Netcracker was not required to pay a fine. Instead, it agreed to pay US$35 million if it failed to comply with the terms of the NPA, which included a requirement to upgrade its security protocols.
Gibson Dunn highlighted the Netcracker NPA as “an especially interesting example of how NPAs and DPAs may be tailored creatively to resolve government investigations into corporate conduct”. The Netcracker NPA “most strikingly” contains an “express disavowal of guilt”, which the law firm report described as “highly unusual”.
A source familiar with the Netcracker case said the NPA “took a very long time to negotiate”, adding that Netcracker “probably would have taken it to trial if the DOJ did not allow the denial of criminal wrongdoing because of how strong they believed their case was”.
One motivating factor for Netcracker to sign the NPA may have been the risk of “losing its government contracts in light of Kaspersky”, said a former government official who requested anonymity to talk about the case.

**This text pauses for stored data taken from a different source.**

(* Let $K\ge 0$ be an integer and, for $k=0,1,\dots,K$, let $w_k=2^{k-K}$ and let $\mathcal{G}^k$ be a finite subset of the lattice $w_k\mathbb{Z}^3$, with a real coefficient $\lambda_{\boldsymbol{g}}$ attached to each $\boldsymbol{g}\in\mathcal{G}^k$ (points of different levels $k$ are treated as distinct even if they coincide in position). Define $f:\mathbb{R}^3\to\mathbb{R}$ by $$f(\boldsymbol{v})=\sum_{k=0}^K\sum_{\boldsymbol{g}\in\mathcal{G}^k}\lambda_{\boldsymbol{g}}\,\boldsymbol{B}\!\left(\frac{\boldsymbol{v}-\boldsymbol{g}}{w_k}\right),\qquad \boldsymbol{B}(x,y,z)=B(x)B(y)B(z),$$ where $B(t)=1+t$ for $t\in[-1,0]$, $B(t)=1-t$ for $t\in(0,1]$, and $B(t)=0$ otherwise. Let $\mathcal{M}\subset\mathbb{R}^3$ be a polygonal mesh surface, i.e. the union of finitely many non-degenerate triangles. Subdivide each triangle of $\mathcal{M}$ into finitely many non-degenerate sub-triangles, each of which is contained in a single depth-0 cell (a closed cube of the form $\prod_{i=1}^3[w_0a_i,w_0(a_i+1)]$ with $a_i\in\mathbb{Z}$). For each such sub-triangle $T$ with vertices $\boldsymbol{v}_1,\boldsymbol{v}_2,\boldsymbol{v}_3$, let $H_T(\alpha,\beta)=f\big(\boldsymbol{v}_1+\alpha(\boldsymbol{v}_2-\boldsymbol{v}_1)+\beta(\boldsymbol{v}_3-\boldsymbol{v}_1)\big)$ on $D=\{(\alpha,\beta):\alpha,\beta\ge0,\ \alpha+\beta\le1\}$, and let the candidate set $\boldsymbol{C}_T\subset T$ consist of: (1) the points of $T$ corresponding to $(\alpha,\beta)\in D$ with $\nabla_{(\alpha,\beta)}H_T(\alpha,\beta)=\boldsymbol{0}$; (2) the points on the three edges of $T$ at which the derivative of the restriction of $H_T$ to that edge (i.e. of the univariate function $\hat H_T(t)$ obtained by imposing $\alpha=0$, $\beta=0$, or $\alpha+\beta=1$) vanishes; and (3) the three vertices of $T$. Let $\mathcal{C}$ be the union of the sets $\boldsymbol{C}_T$ over all sub-triangles $T$, and set $$\epsilon_1=\min_{\boldsymbol{v}\in\mathcal{C}}f(\boldsymbol{v}),\qquad \epsilon_2=\max_{\boldsymbol{v}\in\mathcal{C}}f(\boldsymbol{v}).$$ Then the thin-shell space $\{\boldsymbol{x}\in\mathbb{R}^3:\epsilon_1\le f(\boldsymbol{x})\le\epsilon_2\}$ rigorously wraps $\mathcal{M}$, i.e. $\epsilon_1\le f(\boldsymbol{v})\le\epsilon_2$ for every $\boldsymbol{v}\in\mathcal{M}$.
   Context: In the paper, $f$ is a first-degree tri-variate tensor-product B-spline defined on the grid points of a sparse voxel octree of height $K$ over the model (depth $0$ is the finest level, with cell width $2^{-K}$ for a model normalized to the unit box; depth $k$ has cell width $w_k$); its coefficients are obtained by fitting the signed distance function of $\mathcal{M}$ at the grid points, but the conclusion concerns only the function $f$ of the stated form. The ''thin shell'' of $\mathcal{M}$ is the region between the level sets $f=\epsilon_1$ and $f=\epsilon_2$. *)

From Stdlib Require Import Reals List ZArith.
Import ListNotations.
Open Scope R_scope.

Definition pt : Type := (R * R * R)%type.
Definition px (p : pt) : R := fst (fst p).
Definition py (p : pt) : R := snd (fst p).
Definition pz (p : pt) : R := snd p.
Definition padd (p q : pt) : pt := (px p + px q, py p + py q, pz p + pz q).
Definition psub (p q : pt) : pt := (px p - px q, py p - py q, pz p - pz q).
Definition pscal (c : R) (p : pt) : pt := (c * px p, c * py p, c * pz p).
Definition cross (p q : pt) : pt :=
  (py p * pz q - pz p * py q, pz p * px q - px p * pz q, px p * py q - py p * px q).

Definition w (K k : nat) : R := / (2 ^ (K - k)).

Definition zpt : Type := (Z * Z * Z)%type.
Definition gridpt (c : R) (a : zpt) : pt :=
  (c * IZR (fst (fst a)), c * IZR (snd (fst a)), c * IZR (snd a)).

Definition B (t : R) : R :=
  if Rle_dec (-1) t then
    (if Rle_dec t 0 then 1 + t
     else if Rle_dec t 1 then 1 - t else 0)
  else 0.

Definition B3 (p : pt) : R := B (px p) * B (py p) * B (pz p).

(* f(v) = sum_{k=0}^K sum_{g in G^k} lambda_g B((v - g)/w_k);
   G k : list of integer coordinates a (the grid point is g = w_k a),
   lam k a : coefficient of grid point w_k a of level k. *)
Definition fspl (K : nat) (G : nat -> list zpt) (lam : nat -> zpt -> R) (v : pt) : R :=
  sum_f_R0 (fun k =>
    fold_right (fun a acc =>
      lam k a * B3 (pscal (/ w K k) (psub v (gridpt (w K k) a))) + acc) 0 (G k)) K.

Definition tri : Type := (pt * pt * pt)%type.
Definition t1 (T : tri) : pt := fst (fst T).
Definition t2 (T : tri) : pt := snd (fst T).
Definition t3 (T : tri) : pt := snd T.

Definition tpar (T : tri) (al be : R) : pt :=
  padd (t1 T) (padd (pscal al (psub (t2 T) (t1 T))) (pscal be (psub (t3 T) (t1 T)))).

Definition inD (al be : R) : Prop := 0 <= al /\ 0 <= be /\ al + be <= 1.

Definition nondegenerate (T : tri) : Prop :=
  cross (psub (t2 T) (t1 T)) (psub (t3 T) (t1 T)) <> (0, 0, 0).

Definition in_tri (T : tri) (p : pt) : Prop :=
  exists al be, inD al be /\ p = tpar T al be.

Definition in_tri_open (T : tri) (p : pt) : Prop :=
  exists al be, 0 < al /\ 0 < be /\ al + be < 1 /\ p = tpar T al be.

Definition in_depth0_cell (K : nat) (T : tri) : Prop :=
  exists a1 a2 a3 : Z, forall p, in_tri T p ->
    w K 0 * IZR a1 <= px p <= w K 0 * (IZR a1 + 1) /\
    w K 0 * IZR a2 <= py p <= w K 0 * (IZR a2 + 1) /\
    w K 0 * IZR a3 <= pz p <= w K 0 * (IZR a3 + 1).

Definition valid_subdivision (K : nat) (T : tri) (S : list tri) : Prop :=
  (forall T', In T' S -> nondegenerate T' /\ in_depth0_cell K T') /\
  (forall p, in_tri T p <-> exists T', In T' S /\ in_tri T' p) /\
  (forall i j p, (i < length S)%nat -> (j < length S)%nat -> i <> j ->
     ~ (in_tri_open (nth i S T) p /\ in_tri_open (nth j S T) p)).

(* H has zero (Frechet) derivative at (al, be) relative to the domain D,
   i.e. grad H(al,be) = 0 for H considered on D. *)
Definition zero_grad_on_D (H : R -> R -> R) (al be : R) : Prop :=
  forall eps, 0 < eps -> exists del, 0 < del /\
    forall al' be', inD al' be' -> Rabs (al' - al) + Rabs (be' - be) < del ->
      Rabs (H al' be' - H al be) <= eps * (Rabs (al' - al) + Rabs (be' - be)).

(* h : [0,1] -> R has zero derivative at t (relative to [0,1]). *)
Definition zero_deriv_on_01 (h : R -> R) (t : R) : Prop :=
  forall eps, 0 < eps -> exists del, 0 < del /\
    forall s, 0 <= s <= 1 -> Rabs (s - t) < del ->
      Rabs (h s - h t) <= eps * Rabs (s - t).

Definition candidate (F : pt -> R) (T : tri) (p : pt) : Prop :=
  let H := fun al be => F (tpar T al be) in
  (exists al be, inD al be /\ zero_grad_on_D H al be /\ p = tpar T al be) \/
  (exists t, 0 <= t <= 1 /\ zero_deriv_on_01 (fun s => H 0 s) t /\ p = tpar T 0 t) \/
  (exists t, 0 <= t <= 1 /\ zero_deriv_on_01 (fun s => H s 0) t /\ p = tpar T t 0) \/
  (exists t, 0 <= t <= 1 /\ zero_deriv_on_01 (fun s => H s (1 - s)) t /\
             p = tpar T t (1 - t)) \/
  p = t1 T \/ p = t2 T \/ p = t3 T.

(* The mesh: each triangle paired with its valid_subdivision. *)
Definition on_mesh (M : list (tri * list tri)) (p : pt) : Prop :=
  exists TS, In TS M /\ in_tri (fst TS) p.

Definition cand_set (F : pt -> R) (M : list (tri * list tri)) (p : pt) : Prop :=
  exists TS T, In TS M /\ In T (snd TS) /\ candidate F T p.

Definition is_min_on (F : pt -> R) (C : pt -> Prop) (e : R) : Prop :=
  (exists c, C c /\ F c = e) /\ (forall c, C c -> e <= F c).
Definition is_max_on (F : pt -> R) (C : pt -> Prop) (e : R) : Prop :=
  (exists c, C c /\ F c = e) /\ (forall c, C c -> F c <= e).

From Stdlib Require Import Reals List ZArith Lra Lia Psatz.
Open Scope R_scope.

(* On a sub-triangle lying in one depth-0 cell, every hat function B((v - g)/w_k)
   is affine in each coordinate, because a depth-0 cell lies inside a single cell
   of every coarser level. Hence H_T is a polynomial in (alpha, beta): it has a
   first-order Taylor expansion with uniformly quadratic remainder on D and is
   Lipschitz there. It therefore attains its maximum and minimum on the triangle D,
   and at an extremum the Taylor expansion forces the gradient to vanish at an
   interior point and the edge derivative to vanish at a point interior to an
   edge; otherwise the point is a vertex. So both extrema of H_T are attained at
   candidate points, which squeezes f on the mesh between eps1 and eps2. *)

Definition l1_dist (a b a' b' : R) : R := Rabs (a' - a) + Rabs (b' - b).

Lemma l1_dist_nonneg a b a' b' : 0 <= l1_dist a b a' b'.
Proof. unfold l1_dist; pose proof (Rabs_pos (a' - a)); pose proof (Rabs_pos (b' - b)); lra. Qed.

Lemma l1_dist_le_2 a b a' b' : inD a b -> inD a' b' -> l1_dist a b a' b' <= 2.
Proof. unfold inD, l1_dist; intros; split_Rabs; lra. Qed.

Lemma Rabs_mult_le x y X Y : Rabs x <= X -> Rabs y <= Y -> Rabs (x * y) <= X * Y.
Proof.
  intros Hx Hy; rewrite Rabs_mult.
  apply Rmult_le_compat; auto using Rabs_pos.
Qed.

Definition taylor1_bound (g ga gb : R -> R -> R) (L : R) : Prop :=
  forall a b a' b', inD a b -> inD a' b' ->
    Rabs (g a' b' - g a b - ga a b * (a' - a) - gb a b * (b' - b))
      <= L * (l1_dist a b a' b' * l1_dist a b a' b').

(* A uniform C^{1,1}-type condition on D; every polynomial in (alpha, beta) satisfies it. *)
Definition C11_on_D (g : R -> R -> R) : Prop :=
  exists (ga gb : R -> R -> R) (L M : R), 0 <= L /\ 0 <= M /\
    (forall a b, inD a b -> Rabs (g a b) <= M /\ Rabs (ga a b) <= M /\ Rabs (gb a b) <= M) /\
    taylor1_bound g ga gb L.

A few months earlier in September 2017, the US government banned the use of all Kaspersky products by all civilian agencies amid reports of the company’s close relationship with Russia’s main intelligence agency, the FSB. Kaspersky Lab is a Moscow-based cybersecurity and antivirus provider.
Kaspersky denies any connections to the Russian government, and Kaspersky CEO Eugene Kaspersky called the allegations “unfounded conspiracy theories” and “total BS”, according to a Bloomberg report.
Kaspersky has filed a motion in DC federal court to block the Department of Homeland Security directive banning the use of its products arguing that the ban did not provide “due process”.
Lawyers said there is another unusual part of Netcracker’s NPA that required the company to implement a stronger security programme – a feature that was highlighted by Gibson Dunn’s report.
“This is the first instance of a requirement under a non-prosecution agreement of a security plan that protects consumers,” the former government official said. “That is new.”
According to the NPA, Netcracker must beef up its security programme by implementing a new monitoring system to detect unauthorised access of US customer data, requiring additional background checks for its employees, and moving sensitive US information stored on foreign servers back to the US.
DOJ officials said they hope the new security plan implemented by Netcracker will serve as an industry model.
Acting Assistant Attorney General Boente said in a statement: “As threats to our critical infrastructure increase, especially from abroad, these protocols serve as a model for the kind of security that US critical infrastructure should expect from the firms they use to develop, install, and maintain technology in their networks.”